■ **WHAT THE TASK REQUIRES**
Only one stretch of the data is wanted: the line containing "assert (HBbot : D (TB TBot)).", the line containing "induction 1 as [|x r", and every line between them, copied exactly.
PROVIDED ENTRIES: Begin
Lemma upd_id x j : upd x j (x j) = x.
Proof.
  apply functional_extensionality; intros k; unfold upd.
  destruct (Nat.eqb_spec k j); subst; reflexivity.
Qed.

Lemma upd_upd x j a b : upd (upd x j a) j b = upd x j b.
Proof.
  apply functional_extensionality; intros k; unfold upd.
  destruct (Nat.eqb_spec k j); reflexivity.
Qed.

Lemma upd_eq x j t : upd x j t j = t.
Proof. unfold upd; rewrite Nat.eqb_refl; reflexivity. Qed.

Lemma upd_neq x j t k : k <> j -> upd x j t k = x k.
Proof. intros Hkj; unfold upd; destruct (Nat.eqb_spec k j); [lia|reflexivity]. Qed.

Lemma contN_ext N F x y : contN N F -> (forall k, (k < N)%nat -> x k = y k) -> F x = F y.
Proof.
  intros Hc Hxy; apply NNPP; intros Hne.
  assert (He : Rabs (F x - F y) > 0) by (apply Rabs_pos_lt; lra).
  destruct (Hc y _ He) as [d [Hd Hq]].
  assert (Rabs (F x - F y) < Rabs (F x - F y)); [|lra].
  apply Hq; intros k Hk; rewrite Hxy, Rminus_diag, Rabs_R0 by auto; lra.
Qed.

Lemma upd_not_depends_on F j x t : ~ depends_on F j -> F (upd x j t) = F x.
Proof. intros H; apply NNPP; intros C; apply H; exists x, t; exact C. Qed.

Section Monotone.
Variables (N : nat) (E : nat -> nat -> Prop) (i : nat) (F : vec -> R).
Hypothesis Hdep : forall j, depends_on F j <-> ((j < N)%nat /\ E i j).
Hypothesis Hinc : strictly_increasing_args N E i F.

Lemma upd_mono j x a b : a <= b -> F (upd x j a) <= F (upd x j b).
Proof.
  intros Hab; destruct (classic ((j < N)%nat /\ E i j)) as [[Hj Ej]|Hn].
  - destruct (Rle_lt_or_eq_dec a b Hab) as [Hlt| ->]; [left; apply Hinc|]; auto; lra.
  - assert (~ depends_on F j) by (rewrite Hdep; exact Hn).
    rewrite !upd_not_depends_on by auto; lra.
Qed.

Lemma mono_prefix n x y : (forall k, (k < n)%nat -> x k <= y k) ->
  (forall k, (k >= n)%nat -> x k = y k) -> F x <= F y.
Proof.
  revert x; induction n as [|n IH]; intros x Hle Heq.
  - replace y with x; [lra|]; apply functional_extensionality; intros k; apply Heq; lia.
  - apply Rle_trans with (F (upd x n (y n))).
    + rewrite <- (upd_id x n) at 1; apply upd_mono, Hle; lia.
    + apply IH.
      * intros k Hk; rewrite upd_neq by lia; apply Hle; lia.
      * intros k Hk; destruct (Nat.eq_dec k n) as [->|Hkn]; [apply upd_eq|].
        rewrite upd_neq by exact Hkn; apply Heq; lia.
Qed.
(* Let $\mathcal{H}$ be a hypertree. Then the edges of $Comp(\mathcal{H})$ are exactly the nonempty subsets of $V(\mathcal{H})$ that induce a subtree of every host tree of $\mathcal{H}$. Additionally, if $\mathcal{H}'$ is a hypertree equivalent to $\mathcal{H}$, then $E(Simp(\mathcal{H}'))\subseteq E(Comp(\mathcal{H}))$.
   Context: A hypergraph $\mathcal{H}$ has a finite vertex set $V(\mathcal{H})$ and a finite family $E(\mathcal{H})$ (repetitions allowed) of nonempty subsets (edges). A host tree of $\mathcal{H}$ is a tree with vertex set $V(\mathcal{H})$ in which every edge induces a connected subgraph; $\mathcal{H}$ is a hypertree if it has one. Two hypergraphs on the same vertex set are equivalent if they have the same host trees. $Simp(\mathcal{H})$ is obtained from $\mathcal{H}$ by deleting repeated edges. A union of sets is connected if the intersection graph of the sets is connected. $Comp(\mathcal{H})$ is the hypergraph without repeated edges on $V(\mathcal{H})$ whose edges are $V(\mathcal{H})$, all one-element subsets, and all proper subsets of $V(\mathcal{H})$ obtainable from edges of $\mathcal{H}$ by repeated nonempty intersections and connected unions. *)

From mathcomp Require Import all_boot.
Set Implicit Arguments. Unset Strict Implicit. Unset Printing Implicit Defensive.

Section Hyper.
Variable V : finType.

Definition restr {T : finType} (S : {set T}) (e : rel T) : rel T :=
  fun x y => [&& x \in S, y \in S & e x y].

Definition connected_on {T : finType} (S : {set T}) (e : rel T) : Prop :=
  forall x y, x \in S -> y \in S -> connect (restr S e) x y.

(* The subgraph of e induced by S has no cycle (cycle = >= 3 distinct vertices). *)
Definition acyclic_on (S : {set V}) (e : rel V) : Prop :=
  forall c : seq V, ucycle (restr S e) c -> size c <= 2.

Definition is_tree_on (S : {set V}) (e : rel V) : Prop :=
  [/\ S != set0, connected_on S e & acyclic_on S e].

Definition is_graph (e : rel V) : Prop := symmetric e /\ irreflexive e.

Definition hypergraph (E : seq {set V}) : Prop := all (fun A => A != set0) E.

Definition host_tree (E : seq {set V}) (T : rel V) : Prop :=
  [/\ is_graph T, is_tree_on setT T & forall A, A \in E -> connected_on A T].

Definition hypertree (E : seq {set V}) : Prop := exists T, host_tree E T.
Lemma limit_complete a : limit a \/ limit (TNot a).
Proof.
  set (n := max (tcode a) (tcode (TNot a))).
  destruct (consistent_extend (stage n) a (stage_consistent n)) as [Ha | Hna].
  - left. exists (S (tcode a)). right. split; [reflexivity|].
    apply (consistent_extend_stage_mono _ n); [lia | exact Ha].
  - right. exists (S (tcode (TNot a))). right. split; [reflexivity|].
    apply (consistent_extend_stage_mono _ n); [lia | exact Hna].
Qed.

Lemma lindenbaum : exists D, MCS D /\ forall a, X a -> D a.
Proof.
  exists limit. split; [split; [exact limit_consistent | exact limit_complete]|].
  intros a Ha. now exists 0.
Qed.

End Lindenbaum.

Definition believed (D : tform -> Prop) (a : tform) : Prop := D (TB a).

Section Belief.
Variable D : tform -> Prop.
Hypothesis HD : MCS D.

Lemma mcs_B_mp a b : D (TB (TImp a b)) -> D (TB a) -> D (TB b).
Proof.
  intros Hab Ha. apply (mcs_closed D HD [TB (TImp a b); TB a]); [now repeat constructor|].
  apply (thm_taut_mp _ _ (ax_K a b)). taut.
Qed.

Lemma mcs_B_taut a : tautology a -> D (TB a).
Proof. intros Ha. apply (mcs_thm D HD), r_nec, ax_taut, Ha. Qed.

Lemma mcs_B_tconj l : Forall (believed D) l -> D (TB (tconj l)).
Proof.
  induction 1 as [|x [|y r] Hx _ IH]; [apply mcs_B_taut; taut | exact Hx|].
  change (tconj (x :: y :: r)) with (TAnd x (tconj (y :: r))).
  apply (mcs_B_mp (tconj (y :: r))); [|exact IH].
  apply (mcs_B_mp x); [apply mcs_B_taut; taut | exact Hx].
Qed.

Lemma believed_consistent : consistent (believed D).
Proof.
  intros [l [Hl Hbot]].
  assert (HBbot : D (TB TBot)).
  { apply (mcs_B_mp (tconj l)); [apply (mcs_thm D HD), r_nec, Hbot | now apply mcs_B_tconj]. }
  apply (proj1 (mcs_not D HD _) (mcs_thm_mp D HD _ _ HBbot (ax_D TBot))).
  apply mcs_B_taut. taut.
Qed.

Lemma believed_transitive a : D (TB a) -> believed D (TB a).
Proof. intros Ha. exact (mcs_thm_mp D HD _ _ Ha (ax_4 a)). Qed.

End Belief.

Section Conditionals.
Variable G : tform -> Prop.
Hypothesis HG : MCS G.

Lemma mcs_rck f ps p :
  Forall (fun q => G (TCond f q)) ps -> Thm (TProp (PImp (pconj ps) p)) -> G (TCond f p).
Proof.
  intros Hps Hp. apply (mcs_closed G HG (map (fun q => TCond f q) ps)).
  - now apply Forall_map.
  - now apply r_rck.
Qed.

Lemma mcs_s5f ls c :
  Forall is_literal ls -> Forall G ls -> Thm (TImp (tconj ls) (TProp c)) ->
  G (TCond (PNot c) PBot).
Proof. intros Hlit Hls Hc. exact (mcs_closed G HG ls _ Hls (r_s5f ls c Hlit Hc)). Qed.

Lemma mcs_lle p q r :
  G (TCond (PNot (PIff p q)) PBot) -> (G (TCond p r) <-> G (TCond q r)).
Proof.
  intros Hpq. pose proof (mcs_thm_mp G HG _ _ Hpq (ax_lle p q r)) as Hiff.
  split; intros H; [mcs_taut HG [TIff (TCond p r) (TCond q r); TCond p r]
                  | mcs_taut HG [TIff (TCond p r) (TCond q r); TCond q r]].
Qed.

(* ~>_f(Gamma) together with the conditional literals of Gamma: its maximal consistent
   extensions are the f-likely members of [Gamma]. *)
Definition likely_seed (f : pform) (a : tform) : Prop :=
  (exists q, a = TProp q /\ G (TCond f q)) \/ (is_literal a /\ G a).

Lemma Forall_likely_seed_split f l : Forall (likely_seed f) l ->
  exists ps ls, Forall (fun q => G (TCond f q)) ps /\ Forall is_literal ls /\
    Forall G ls /\ incl l (ls ++ map TProp ps).
Proof.
  induction 1 as [|x r Hx _ [ps [ls [Hps [Hlit [Hls Hincl]]]]]].
  - exists [], []. repeat split; [constructor.. | intros x []].
  - destruct Hx as [[q [-> Hq]] | [Hxlit Hx]].
    + exists (q :: ps), ls. repeat split; [now constructor | assumption.. |].
      intros y [<- | Hy]; apply in_or_app; [right; now left|].
      destruct (in_app_or _ _ _ (Hincl y Hy)); [now left | right; now right].
    + exists ps, (x :: ls). repeat split; [assumption | now constructor.. |].
      intros y [<- | Hy]; [now left | right; auto].
Qed.

(* With [P] the conjunction of the conditional consequences involved and [b := f /\ ~P],
   the literals force [f <-> b], so by S5_F and LLE [f] and [b] have the same
   conditional consequences; [b ~> P] and [b ~> b] then give [b ~> bot]. *)
Lemma cond_bot_of_inconsistent_seed f : Derives (likely_seed f) TBot -> G (TCond f PBot).
Proof.
  intros [l [Hl Hbot]].
  destruct (Forall_likely_seed_split f l Hl) as [ps [ls [Hps [Hlit [Hls Hincl]]]]].
  pose proof (thm_tconj_incl _ _ _ Hincl Hbot) as Hinc.
  set (P := pconj ps). set (b := PAnd f (PNot P)).
  assert (Hfb : G (TCond (PNot (PIff f b)) PBot)).
  { apply (mcs_s5f ls); [exact Hlit | exact Hls|].
    apply (thm_taut_mp _ _ Hinc). unfold b, P. taut. }
  assert (HbP : G (TCond b P)).
  { apply (mcs_lle _ _ _ Hfb).
    apply (mcs_rck f ps); [exact Hps | apply ax_taut; unfold P; taut]. }
  apply (mcs_lle _ _ _ Hfb). apply (mcs_rck b [P; b]).
  - repeat constructor; [exact HbP | apply (mcs_thm G HG), ax_id].
  - apply ax_taut. unfold b, P. taut.
Qed.

Lemma likely_mcs_exists Om f :
  MCS Om -> cond_equiv G Om -> Om (TProp f) ->
  exists D, MCS D /\ cond_equiv G D /\ likely G f D /\ D (TProp f).
Proof.
  intros HOm HGOm Hf.
  assert (Hseed : consistent (likely_seed f)).
  { intros Hinc. apply (proj1 (mcs_pnot Om HOm f)); [|exact Hf].
    apply (mcs_thm_mp Om HOm (TCond f PBot)); [apply HGOm | apply ax_bot].
    exact (cond_bot_of_inconsistent_seed f Hinc). }
  destruct (lindenbaum _ Hseed) as [D [HD Hseed_D]].
  exists D. split; [exact HD|]. split; [|split].
  - intros p q. split; intros Hpq.
    + apply Hseed_D. right. split; [exists p, q; now left | exact Hpq].
    + destruct (proj2 HG (TCond p q)) as [|Hnpq]; [assumption|].
      assert (HDn : D (TNot (TCond p q))).
      { apply Hseed_D. right. split; [exists p, q; now right | exact Hnpq]. }
      exfalso. exact (proj1 (mcs_not D HD _) HDn Hpq).
  - intros q Hq. apply Hseed_D. left. eauto.
  - apply Hseed_D. left. exists f. split; [reflexivity | apply (mcs_thm G HG), ax_id].
Qed.

End Conditionals.

Section CanonicalModel.
Variable I : (tform -> Prop) -> Prop.
Hypothesis HI : rep_set I.

Lemma CanS_mcs D p i : CanS I (D, p, i) -> MCS D.
Proof. intros [G [_ [HD _]]]. exact HD. Qed.

Lemma can_psat D p i f :
  CanS I (D, p, i) -> (psat cstate (CanV I) (D, p, i) f <-> D (TProp f)).
Proof.
  intros HS. pose proof (CanS_mcs D p i HS) as HD.
  induction f; cbn [psat].
  - unfold CanV. tauto.
  - split; [tauto | intros Hbot; exact (proj1 HD (Derives_of_mem D TBot Hbot))].
  - rewrite (mcs_pnot D HD). tauto.
  - rewrite (mcs_pand D HD). tauto.
  - rewrite (mcs_por D HD). tauto.
  - rewrite (mcs_pimp D HD). tauto.
  - rewrite (mcs_piff D HD). tauto.
Qed.

Lemma can_ext G D p i f : I G ->
  (ext cstate (CanSi G) (CanV I) f (D, p, i) <-> CanSi G (D, p, i) /\ D (TProp f)).
Proof.
  intros HG. unfold ext. split; intros [HS Hf]; split; try exact HS;
    [apply (can_psat D p i) | apply <- (can_psat D p i)]; try exact Hf; now exists G.
Qed.

Lemma can_R_serial s : CanS I s -> exists t, CanR I s t.
Proof.
  destruct s as [[D p] i]. intros HS. pose proof (CanS_mcs D p i HS) as HD.
  destruct (lindenbaum _ (believed_consistent D HD)) as [Om [HOm HDOm]].
  destruct (proj1 (proj2 HI) Om HOm) as [G [HG HGOm]].
  exists (Om, PBot, T0). split; [exact HS|]. split; [now exists G|]. exact HDOm.
Qed.

Lemma can_R_trans s t u : CanR I s t -> CanR I t u -> CanR I s u.
Proof.
  destruct s as [[D p] i], t as [[E q] j], u as [[F r] k].
  intros [HS [_ HDE]] [_ [HU HEF]]. split; [exact HS|]. split; [exact HU|].
  intros a Ha. apply HEF, HDE, (believed_transitive D (CanS_mcs D p i HS)), Ha.
Qed.

Lemma CanSi_unique G G' s : I G -> I G' -> CanSi G s -> CanSi G' s -> G = G'.
Proof.
  destruct s as [[D p] i]. intros HG HG' [_ HGD] [_ HG'D].
  apply (proj2 (proj2 HI)); [exact HG | exact HG'|].
  intros a b. rewrite (HGD a b), (HG'D a b). reflexivity.
Qed.

Lemma can_limited G f : I G ->
  (exists x, ext cstate (CanSi G) (CanV I) f x) ->
  exists x, most cstate (CanGe G) (ext cstate (CanSi G) (CanV I) f) x.
Proof.
  intros HG [[[Om p] i] Hx]. apply (can_ext G Om p i f HG) in Hx as [[HOm HGOm] Hf].
  destruct (likely_mcs_exists G (proj1 HI G HG) Om f HOm HGOm Hf)
    as [D [HD [HGD [Hlikely HDf]]]].
  exists (D, f, T0). split.
  { apply (can_ext G D f T0 f HG). split; [split; assumption | exact HDf]. }
  intros [[E q] j] Hy _. apply (can_ext G E q j f HG) in Hy as [HE HEf].
  split; [now split | split; [exact HE | left; now split]].
Qed.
PROVIDED ENTRIES: End
■ **OUTPUT FOR THIS TASK**
  assert (HBbot : D (TB TBot)).
  { apply (mcs_B_mp (tconj l)); [apply (mcs_thm D HD), r_nec, Hbot | now apply mcs_B_tconj]. }
  apply (proj1 (mcs_not D HD _) (mcs_thm_mp D HD _ _ HBbot (ax_D TBot))).
  apply mcs_B_taut. taut.
Qed.

Lemma believed_transitive a : D (TB a) -> believed D (TB a).
Proof. intros Ha. exact (mcs_thm_mp D HD _ _ Ha (ax_4 a)). Qed.

End Belief.

Section Conditionals.
Variable G : tform -> Prop.
Hypothesis HG : MCS G.

Lemma mcs_rck f ps p :
  Forall (fun q => G (TCond f q)) ps -> Thm (TProp (PImp (pconj ps) p)) -> G (TCond f p).
Proof.
  intros Hps Hp. apply (mcs_closed G HG (map (fun q => TCond f q) ps)).
  - now apply Forall_map.
  - now apply r_rck.
Qed.

Lemma mcs_s5f ls c :
  Forall is_literal ls -> Forall G ls -> Thm (TImp (tconj ls) (TProp c)) ->
  G (TCond (PNot c) PBot).
Proof. intros Hlit Hls Hc. exact (mcs_closed G HG ls _ Hls (r_s5f ls c Hlit Hc)). Qed.

Lemma mcs_lle p q r :
  G (TCond (PNot (PIff p q)) PBot) -> (G (TCond p r) <-> G (TCond q r)).
Proof.
  intros Hpq. pose proof (mcs_thm_mp G HG _ _ Hpq (ax_lle p q r)) as Hiff.
  split; intros H; [mcs_taut HG [TIff (TCond p r) (TCond q r); TCond p r]
                  | mcs_taut HG [TIff (TCond p r) (TCond q r); TCond q r]].
Qed.

(* ~>_f(Gamma) together with the conditional literals of Gamma: its maximal consistent
   extensions are the f-likely members of [Gamma]. *)
Definition likely_seed (f : pform) (a : tform) : Prop :=
  (exists q, a = TProp q /\ G (TCond f q)) \/ (is_literal a /\ G a).

Lemma Forall_likely_seed_split f l : Forall (likely_seed f) l ->
  exists ps ls, Forall (fun q => G (TCond f q)) ps /\ Forall is_literal ls /\
    Forall G ls /\ incl l (ls ++ map TProp ps).
Proof.
  induction 1 as [|x r Hx _ [ps [ls [Hps [Hlit [Hls Hincl]]]]]].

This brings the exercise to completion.